EXERCISE
Would you output the entries below only from the line containing "(* [s = true]" through the line containing "Proof. intros [N", exactly as they stand and with both ends included?

Dataset entries
(** * Limits at the ends of Z *)

(* [s = true] is the end [n -> +oo], [s = false] the end [n -> -oo]. *)
Definition Zend (s : bool) (P : Z -> Prop) : Prop :=
  exists N, forall n, (if s then (N <= n)%Z else (n <= N)%Z) -> P n.

Global Instance Zend_filter s : ProperFilter (Zend s).
Proof.
  split.
  - intros P [N HN]. exists N. apply HN. destruct s; lia.
  - split.
    + exists 0%Z. auto.
    + intros P Q [N1 H1] [N2 H2].
      exists (if s then Z.max N1 N2 else Z.min N1 N2).
      intros n Hn; destruct s; split; (apply H1 || apply H2); lia.
    + intros P Q H [N HN]. exists N. auto.
Qed.

Lemma Zend_shift s k P : Zend s P -> Zend s (fun n => P (n + k)%Z).
Proof. intros [N HN]. exists (N - k)%Z. intros n Hn. apply HN. destruct s; lia. Qed.

Definition Zlim s (f : Z -> C) (l : C) : Prop :=
  forall eps : R, (0 < eps)%R -> Zend s (fun n => (Cmod (f n - l) < eps)%R).

Definition Zbounded s (f : Z -> C) : Prop :=
  exists K : R, Zend s (fun n => (Cmod (f n) <= K)%R).

Section Limits.

Variable s : bool.
Implicit Types (f g : Z -> C) (a b l : C).

Lemma Zlim_ext f g l : (forall n, f n = g n) -> Zlim s f l -> Zlim s g l.
Proof.
  intros E H eps Heps. apply filter_imp with (2 := H eps Heps).
  intros n. rewrite E. auto.
Qed.

Lemma Zlim_const a : Zlim s (fun _ => a) a.
Proof.
  intros eps Heps. apply filter_forall. intros _.
  replace (a - a) with (RtoC 0) by ring. rewrite Cmod_0. exact Heps.
Qed.

Lemma Zlim_shift f l k : Zlim s f l -> Zlim s (fun n => f (n + k)%Z) l.
Proof. intros H eps Heps. exact (Zend_shift s k _ (H eps Heps)). Qed.

Lemma Zlim_pred f l : Zlim s f l -> Zlim s (fun n => f (n - 1)%Z) l.
Proof. exact (Zlim_shift f l (-1)). Qed.

Lemma Zlim_unique f a b : Zlim s f a -> Zlim s f b -> a = b.
Proof.
  intros Ha Hb. apply Ceq_minus, Cmod_eq_0.
  apply Rle_antisym; [apply Rnot_lt_le; intros Hpos | apply Cmod_ge_0].
  assert (He : (0 < Cmod (a - b) / 2)%R) by lra.
  destruct (Hierarchy.filter_ex _ (filter_and _ _ (Ha _ He) (Hb _ He))) as [n [h1 h2]].
  assert (Cmod (a - b) <= Cmod (f n - a) + Cmod (f n - b))%R.
  { replace (a - b) with (- (f n - a) + (f n - b)) by ring.
    rewrite <- (Cmod_opp (f n - a)). apply Cmod_triangle. }
  lra.
Qed.

Lemma Zlim_plus f g a b : Zlim s f a -> Zlim s g b -> Zlim s (fun n => f n + g n) (a + b).
Proof.
  intros Hf Hg eps Heps.
  assert (He : (0 < eps / 2)%R) by lra.
  apply filter_imp with (2 := filter_and _ _ (Hf _ He) (Hg _ He)).
  intros n [h1 h2]. replace (f n + g n - (a + b)) with ((f n - a) + (g n - b)) by ring.
  generalize (Cmod_triangle (f n - a) (g n - b)). lra.
Qed.

Lemma Zlim_opp f a : Zlim s f a -> Zlim s (fun n => - f n) (- a).
Proof.
  intros Hf eps Heps. apply filter_imp with (2 := Hf eps Heps).
  intros n h. replace (- f n - - a) with (- (f n - a)) by ring. rewrite Cmod_opp. exact h.
Qed.

Lemma Zlim_minus f g a b : Zlim s f a -> Zlim s g b -> Zlim s (fun n => f n - g n) (a - b).
Proof. intros Hf Hg. apply Zlim_plus; [exact Hf | apply Zlim_opp, Hg]. Qed.

Lemma Zbounded_lim f l : Zlim s f l -> Zbounded s f.
Proof.
  intros H. exists (Cmod l + 1)%R. apply filter_imp with (2 := H 1%R Rlt_0_1).
  intros n h. replace (f n) with ((f n - l) + l) by ring.
  generalize (Cmod_triangle (f n - l) l). lra.
Qed.

Lemma Zbounded_unimodular f : (forall n, Cmod (f n) = 1%R) -> Zbounded s f.
Proof. intros H. exists 1%R. apply filter_forall. intros n. rewrite H. lra. Qed.

Lemma Zlim0_mult_bounded f g : Zlim s f 0 -> Zbounded s g -> Zlim s (fun n => f n * g n) 0.
Proof.
  intros Hf [K HK] eps Heps.
  assert (HK1 : (0 < Rabs K + 1)%R) by (generalize (Rabs_pos K); lra).
  assert (He : (0 < eps / (Rabs K + 1))%R) by (apply Rdiv_lt_0_compat; lra).
  apply filter_imp with (2 := filter_and _ _ (Hf _ He) HK).
  intros n [h1 h2].
  replace (f n - 0) with (f n) in h1 by ring. replace (f n * g n - 0) with (f n * g n) by ring.
  rewrite Cmod_mult.
  assert (Cmod (g n) <= Rabs K + 1)%R by (generalize (Rle_abs K); lra).
  apply Rle_lt_trans with (Cmod (f n) * (Rabs K + 1))%R.
  - apply Rmult_le_compat_l; [apply Cmod_ge_0 | lra].
  - replace eps with (eps / (Rabs K + 1) * (Rabs K + 1))%R by (field; lra).
    apply Rmult_lt_compat_r; lra.
Qed.

Lemma Zlim0_bounded_mult f g : Zbounded s f -> Zlim s g 0 -> Zlim s (fun n => f n * g n) 0.
Proof.
  intros Hf Hg. apply Zlim_ext with (fun n => g n * f n).
  - intros n. apply Cmult_comm.
  - apply Zlim0_mult_bounded; assumption.
Qed.

Lemma Zlim_mult f g a b : Zlim s f a -> Zlim s g b -> Zlim s (fun n => f n * g n) (a * b).
Proof.
  intros Hf Hg.
  assert (Hf0 := Zlim_minus _ _ _ _ Hf (Zlim_const a)).
  assert (Hg0 := Zlim_minus _ _ _ _ Hg (Zlim_const b)).
  replace (a - a) with (RtoC 0) in Hf0 by ring. replace (b - b) with (RtoC 0) in Hg0 by ring.
  assert (H := Zlim_plus _ _ _ _
    (Zlim_plus _ _ _ _ (Zlim0_mult_bounded _ _ Hf0 (Zbounded_lim _ _ Hg))
                       (Zlim0_bounded_mult _ _ (Zbounded_lim _ _ (Zlim_const a)) Hg0))
    (Zlim_const (a * b))).
  replace (RtoC 0 + RtoC 0 + a * b) with (a * b) in H by ring.
  apply Zlim_ext with (2 := H). intros n. simpl. ring.
Qed.

Lemma Zlim_inv f a : Zlim s f a -> a <> 0 -> Zlim s (fun n => / f n) (/ a).
Proof.
  intros Hf Ha eps Heps. apply Cmod_gt_0 in Ha as Hma.
  assert (H1 : (0 < Cmod a / 2)%R) by lra.
  assert (Ha2 : (0 < Cmod a * Cmod a)%R) by nra.
  assert (H2 : (0 < eps * (Cmod a * Cmod a) / 2)%R)
    by (apply Rdiv_lt_0_compat; [apply Rmult_lt_0_compat |]; lra).
  apply filter_imp with (2 := filter_and _ _ (Hf _ H1) (Hf _ H2)).
  intros n [h1 h2].
  assert (Hfn : (Cmod a / 2 <= Cmod (f n))%R).
  { generalize (Cmod_triangle (f n) (- (f n - a))). rewrite Cmod_opp.
    replace (f n + - (f n - a)) with a by ring. lra. }
  assert (Hf0 : f n <> 0) by (apply Cmod_gt_0; lra).
  replace (/ f n - / a) with (- (f n - a) / (f n * a)) by (field; auto).
  rewrite Cmod_div by (apply Cmult_neq_0; auto). rewrite Cmod_opp, Cmod_mult.
  apply Rlt_div_l; nra.
Qed.

End Limits.

Definition Zray (s : bool) (m : nat) : Z := if s then Z.of_nat m else (- Z.of_nat m)%Z.

Lemma is_lim_seq_Zend s (g : Z -> R) :
  is_lim_seq (fun m => g (Zray s m)) 0%R ->
  forall eps, (0 < eps)%R -> Zend s (fun n => (Rabs (g n) < eps)%R).
Proof.
  intros H eps Heps. apply is_lim_seq_spec in H.
  destruct (H (mkposreal eps Heps)) as [N HN].
  exists (Zray s N). intros n Hn.
  assert (Hm : n = Zray s (Z.to_nat (if s then n else - n))) by (destruct s; simpl in *; lia).
  specialize (HN (Z.to_nat (if s then n else - n)) ltac:(destruct s; simpl in *; lia)).
  rewrite <- Hm, Rminus_0_r in HN. exact HN.
Qed.

Lemma lim_pinf_Zlim f l : lim_pinf f l -> Zlim true f l.
Proof.
  intros H eps Heps.
  apply filter_imp with (2 := is_lim_seq_Zend true (fun n => Cmod (f n - l)) H eps Heps).
  intros n. rewrite Rabs_pos_eq by apply Cmod_ge_0. auto.
Qed.

Lemma lim_minf_Zlim f l : lim_minf f l -> Zlim false f l.
Proof.
  intros H eps Heps.
  apply filter_imp with (2 := is_lim_seq_Zend false (fun n => Cmod (f n - l)) H eps Heps).
  intros n. rewrite Rabs_pos_eq by apply Cmod_ge_0. auto.
Qed.

Lemma rapid_decay_Zend s f k : rapid_decay f ->
  forall eps, (0 < eps)%R -> Zend s (fun n => (Rabs (IZR n) ^ k * Cmod (f n) < eps)%R).
Proof.
  intros H eps Heps.
  assert (Hlim : is_lim_seq (fun m => (Rabs (IZR (Zray s m)) ^ k * Cmod (f (Zray s m)))%R) 0%R).
  { destruct (H k) as [Hp Hm]. destruct s; eapply is_lim_seq_ext; [| exact Hp | | exact Hm];
      intros m; simpl; rewrite ?opp_IZR, ?Rabs_Ropp, <- INR_IZR_INZ, Rabs_pos_eq by apply pos_INR;
      reflexivity. }
  apply filter_imp
    with (2 := is_lim_seq_Zend s (fun n => Rabs (IZR n) ^ k * Cmod (f n))%R Hlim eps Heps).
  intros n. rewrite Rabs_pos_eq; auto.
  apply Rmult_le_pos; [apply pow_le, Rabs_pos | apply Cmod_ge_0].
Qed.

Lemma rapid_decay_Zlim s f : rapid_decay f -> Zlim s f 0.
Proof.
  intros H eps Heps. apply filter_imp with (2 := rapid_decay_Zend s f 0 H eps Heps).
  intros n. simpl. rewrite Rmult_1_l. replace (f n - 0) with (f n) by ring. auto.
Qed.

Lemma rapid_decay_sq s f : rapid_decay f ->
  forall eps, (0 < eps)%R -> Zend s (fun n => (Cmod (f n) * (IZR n * IZR n) < eps)%R).
Proof.
  intros H eps Heps. apply filter_imp with (2 := rapid_decay_Zend s f 2 H eps Heps).
  intros n. rewrite pow2_abs. simpl. intros h. rewrite Rmult_1_r in h. lra.
Qed.

Section UnitCirclePowers.

Variable z : C.
Hypothesis z_unit : Cmod z = 1%R.

Lemma Cpow_unit k : Cmod (Cpow z k) = 1%R.
Proof. rewrite Cmod_pow, z_unit. apply pow1. Qed.

Lemma unit_neq0 : z <> 0.
Proof. intros E. rewrite E, Cmod_0 in z_unit. lra. Qed.

Lemma Cpow_unit_neq0 k : Cpow z k <> 0.
Proof. intros E. generalize (Cpow_unit k). rewrite E, Cmod_0. lra. Qed.

Lemma Czpow_unit n : Cmod (Czpow z n) = 1%R.
Proof.
  destruct n; simpl.
  - apply Cmod_1.
  - apply Cpow_unit.
  - rewrite Cmod_inv, Cpow_unit by apply Cpow_unit_neq0. apply Rinv_1.
Qed.

Lemma Czpow_neq0 n : Czpow z n <> 0.
Proof. intros E. generalize (Czpow_unit n). rewrite E, Cmod_0. lra. Qed.

Lemma Czpow_inv_unit n : Cmod (/ Czpow z n) = 1%R.
Proof. rewrite Cmod_inv, Czpow_unit by apply Czpow_neq0. apply Rinv_1. Qed.

Lemma Czpow_mul_opp n : Czpow z n * Czpow z (- n) = 1.
Proof. destruct n; simpl; [ring | field; apply Cpow_unit_neq0 ..]. Qed.

End UnitCirclePowers.

(** * Infinite products *)

Lemma pprod_S f n N : pprod f n (S N) = f n * pprod f (n - 1)%Z N.
Proof.
  induction N as [|N IH].
  - simpl. ring.
  - change (pprod f n (S (S N))) with (pprod f n (S N) * f (n - Z.of_nat (S (S N)))%Z).
    change (pprod f (n - 1) (S N)) with (pprod f (n - 1) N * f (n - 1 - Z.of_nat (S N))%Z).
    rewrite IH.
    replace (n - Z.of_nat (S (S N)))%Z with (n - 1 - Z.of_nat (S N))%Z by lia. ring.
Qed.

Lemma pprod_neq0 (f : Z -> C) n K : (forall j, f j <> 0) -> pprod f n K <> 0.
Proof.
  intros Hf. induction K as [|K IH]; [apply Hf |].
  change (pprod f n (S K)) with (pprod f n K * f (n - Z.of_nat (S K))%Z).
  apply Cmult_neq_0; auto.
Qed.

Lemma pprod_near_one_weighted (f : Z -> C) n (x : nat -> R) N :
  (forall k, (k <= N)%nat -> (Cmod (f (n - Z.of_nat k)%Z - 1) <= x k)%R) ->
  (sum_f_R0 x N <= 1 / 2)%R -> (Cmod (pprod f n N - 1) <= 2 * sum_f_R0 x N)%R.
Proof.
  induction N as [|N IH]; intros Hx Hs.
  - simpl in *. specialize (Hx 0%nat (le_n 0)). rewrite Z.sub_0_r in Hx.
    generalize (Cmod_ge_0 (f n - 1)). lra.
  - assert (Hxp : (0 <= x (S N))%R) by (eapply Rle_trans; [apply Cmod_ge_0 | apply Hx; auto]).
    simpl sum_f_R0 in *.
    assert (IHN : (Cmod (pprod f n N - 1) <= 2 * sum_f_R0 x N)%R) by (apply IH; auto; lra).
    change (pprod f n (S N)) with (pprod f n N * f (n - Z.of_nat (S N))%Z).
    set (p := pprod f n N) in *. set (a := f (n - Z.of_nat (S N))%Z).
    assert (Ha : (Cmod (a - 1) <= x (S N))%R) by (apply Hx; auto).
    replace (p * a - 1) with ((p - 1) * (a - 1) + (p - 1) + (a - 1)) by ring.
    generalize (Cmod_triangle ((p - 1) * (a - 1) + (p - 1)) (a - 1)).
    generalize (Cmod_triangle ((p - 1) * (a - 1)) (p - 1)).
    rewrite Cmod_mult.
    assert (Cmod (p - 1) * Cmod (a - 1) <= 2 * sum_f_R0 x N * x (S N))%R
      by (apply Rmult_le_compat; auto using Cmod_ge_0).
    nra.
Qed.

Lemma sum_telescope_up (c : R) N : (1 <= c)%R ->
  sum_f_R0 (fun k => 1 / ((c + INR k) * (c + INR k + 1)))%R N = (1 / c - 1 / (c + INR N + 1))%R.
Proof.
  intros Hc. induction N as [|N IH].
  - simpl. field. lra.
  - rewrite tech5, IH, S_INR. generalize (pos_INR N). intros. field. lra.
Qed.

Lemma sum_telescope_down (b : R) N : (INR N + 2 <= b)%R ->
  sum_f_R0 (fun k => 1 / ((b - INR k - 1) * (b - INR k)))%R N = (1 / (b - INR N - 1) - 1 / b)%R.
Proof.
  induction N as [|N IH]; intros Hb.
  - simpl in *. field. lra.
  - rewrite tech5. rewrite S_INR in *. rewrite IH by lra.
    generalize (pos_INR N). intros. field. lra.
Qed.

Lemma le_div_of_mul_le (a e j2 d : R) :
  (0 <= a)%R -> (a * j2 <= e)%R -> (0 < d <= j2)%R -> (a <= 1 / d * e)%R.
Proof.
  intros. replace a with (1 / d * (a * d))%R by (field; lra).
  apply Rmult_le_compat_l; [apply Rlt_le, Rdiv_lt_0_compat |]; nra.
Qed.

EXERCISE RESPONSE
(* [s = true] is the end [n -> +oo], [s = false] the end [n -> -oo]. *)
Definition Zend (s : bool) (P : Z -> Prop) : Prop :=
  exists N, forall n, (if s then (N <= n)%Z else (n <= N)%Z) -> P n.

Global Instance Zend_filter s : ProperFilter (Zend s).
Proof.
  split.
  - intros P [N HN]. exists N. apply HN. destruct s; lia.
  - split.
    + exists 0%Z. auto.
    + intros P Q [N1 H1] [N2 H2].
      exists (if s then Z.max N1 N2 else Z.min N1 N2).
      intros n Hn; destruct s; split; (apply H1 || apply H2); lia.
    + intros P Q H [N HN]. exists N. auto.
Qed.

Lemma Zend_shift s k P : Zend s P -> Zend s (fun n => P (n + k)%Z).
Proof. intros [N HN]. exists (N - k)%Z. intros n Hn. apply HN. destruct s; lia. Qed.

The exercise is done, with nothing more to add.